Freitag: Microsoft droht Sicherheitsforscher, Phishing-Affäre auch in Australien
Microsoft hadert mit veröffentlichten Beweisen ungepatchter Sicherheitslücken. Der Konzern droht jetzt mit rechtlichen Schritten, denn er sei entgegen üblicher Vorgehensweise nicht vorab informiert worden. Der Entdecker...
Eine bemerkenswerte Entwicklung zeichnet sich im Bereich der künstlichen Intelligenz ab. Microsoft hadert mit veröffentlichten Beweisen ungepatchter Sicherheitslücken. Der Konzern droht jetzt mit rechtlichen Schritten, denn er sei entgegen üblicher Vorgehensweise nicht vorab informiert worden.
Der Entdecker der Schwachstellen sieht sich dagegen ignoriert und diffamiert. Technische Schwachstellen waren nicht nötig, dass ein australischer Parlamentsabgeordneter und drei Mitarbeiter Opfer offenbar ausländischer Angreifer wurden.
Technische Details
Die Masche ähnelt der Signal-Affäre in Deutschland, in Australien ist es WhatsApp. Auch hier sind die Opfer einer Phishing-Kampagne auf den Leim gegangen.

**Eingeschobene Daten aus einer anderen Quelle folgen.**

(* Let $m,n$ be distinct positive integers with greatest common divisor $\ell$. Then in $\mathbb{Q}((T))$, $$\mathbf{B}(mT)\mathbf{B}(nT)=\mathbf{B}^2(\ell T)+mT\,\mathbf{B}(nT)\,g_{n,m}(e^T)+nT\,\mathbf{B}(mT)\,g_{m,n}(e^T).$$
   Context: $\mathbf{B}(T)=T/(e^T-1)\in\mathbb{Q}[[T]]$, $\mathbf{B}(cT)=cT/(e^{cT}-1)$ for $0\ne c\in\mathbb{Q}$, and $\mathbf{B}^2(\ell T)=(\mathbf{B}(\ell T))^2$. The polynomials $g_{m,n}\in\mathbb{Q}[X]$ are defined as follows. For distinct coprime positive integers $m,n$, $g_{m,n}$ and $g_{n,m}$ are the (unique) polynomials with $\deg g_{m,n}<m-1$ and $\deg g_{n,m}<n-1$ such that $$\frac{1}{(X-1)(1+X+\cdots+X^{m-1})(1+X+\cdots+X^{n-1})}=\frac{1}{mn(X-1)}+\frac{g_{n,m}}{1+X+\cdots+X^{n-1}}+\frac{g_{m,n}}{1+X+\cdots+X^{m-1}}$$ (so in particular $g_{1,m}=0$). For general distinct positive integers $m,n$ with greatest common divisor $\ell$, set $g_{n,m}=g_{n/\ell,m/\ell}(X^\ell)$ and $g_{m,n}=g_{m/\ell,n/\ell}(X^\ell)$. *)

From HB Require Import structures.
From mathcomp Require Import all_boot all_order all_algebra.
Set Implicit Arguments. Unset Strict Implicit. Unset Printing Implicit Defensive.
Import Order.TTheory GRing.Theory Num.Theory.
Local Open Scope ring_scope.

Definition fps := nat -> rat.

Definition fps_add (f g : fps) : fps := fun k => f k + g k.
Definition fps_scale (c : rat) (f : fps) : fps := fun k => c * f k.
Definition fps_mul (f g : fps) : fps :=
  fun k => \sum_(i < k.+1) f i * g (k - i)%N.
Definition fps_one : fps := fun k => (k == 0%N)%:R.
Definition fps_T : fps := fun k => (k == 1%N)%:R.
Definition fps_pow (f : fps) (n : nat) : fps := iter n (fps_mul f) fps_one.

Definition fps_exp (c : rat) : fps := fun k => c ^+ k / (k`!)%:R.

Fixpoint fps_inv_seq (f : fps) (n : nat) : seq rat :=
  match n with
  | 0 => [:: (f 0%N)^-1]
  | n'.+1 => let s := fps_inv_seq f n' in
      rcons s (- (f 0%N)^-1 *
               \sum_(1 <= i < n'.+2) f i * nth 0 s (n'.+1 - i)%N)
  end.
Definition fps_inv (f : fps) : fps := fun k => nth 0 (fps_inv_seq f k) k.

(* (e^{cT} - 1)/(cT) = sum_k c^k T^k / (k+1)!  (constant term 1). *)
Definition fps_expm1_div (c : rat) : fps := fun k => c ^+ k / (k.+1`!)%:R.

(* B(cT) = cT / (e^{cT} - 1) = ((e^{cT}-1)/(cT))^{-1}, for c <> 0. *)
Definition Bser (c : rat) : fps := fps_inv (fps_expm1_div c).

Definition B2ser (c : rat) : fps := fps_mul (Bser c) (Bser c).

Definition fps_peval (p : {poly rat}) (E : fps) : fps :=
  fun k => \sum_(i < size p) p`_i * fps_pow E i k.

Definition Phi (k : nat) : {poly rat} := \sum_(i < k) 'X^i.

(* For distinct coprime positive m, n: gmn = g_{m,n}, gnm = g_{n,m} are the
   polynomials with deg g_{m,n} < m-1, deg g_{n,m} < n-1 (i.e. size <= m-1,
   size <= n-1, the zero polynomial allowed) such that, in Q(X),
   1/((X-1) Phi_m Phi_n) = 1/(mn(X-1)) + g_{n,m}/Phi_n + g_{m,n}/Phi_m. *)
Definition g_coprime_spec (m n : nat) (gmn gnm : {poly rat}) : Prop :=
  [/\ (size gmn <= m - 1)%N, (size gnm <= n - 1)%N &
   (1 / (tofrac (('X - 1) * Phi m * Phi n)) : {fraction {poly rat}})
   = 1 / tofrac ((m * n)%:R * ('X - 1))
     + tofrac gnm / tofrac (Phi n) + tofrac gmn / tofrac (Phi m)].

Definition g_spec (m n : nat) (gmn gnm : {poly rat}) : Prop :=
  let l := gcdn m n in
  exists g1 g2 : {poly rat},
    [/\ g_coprime_spec (m %/ l) (n %/ l) g1 g2,
        gmn = g1 \Po 'X^l & gnm = g2 \Po 'X^l].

In Europa will die EU-Kommission Behörden nahelegen, vor Ort einzukaufen, konkret bei Prozessoren europäischer Start-ups. Das soll Teil des zweiten Chips-Gesetzes werden, um das Ziel der Verdopplung des Weltmarktanteils bei der Halbleiterproduktion bis 2030 doch noch zu erreichen – die wichtigsten Meldungen im kurzen Überblick.
Dieser Fortschritt sendet wichtige Signale für die Zukunft der Branche, und die Techwelt schaut genau hin.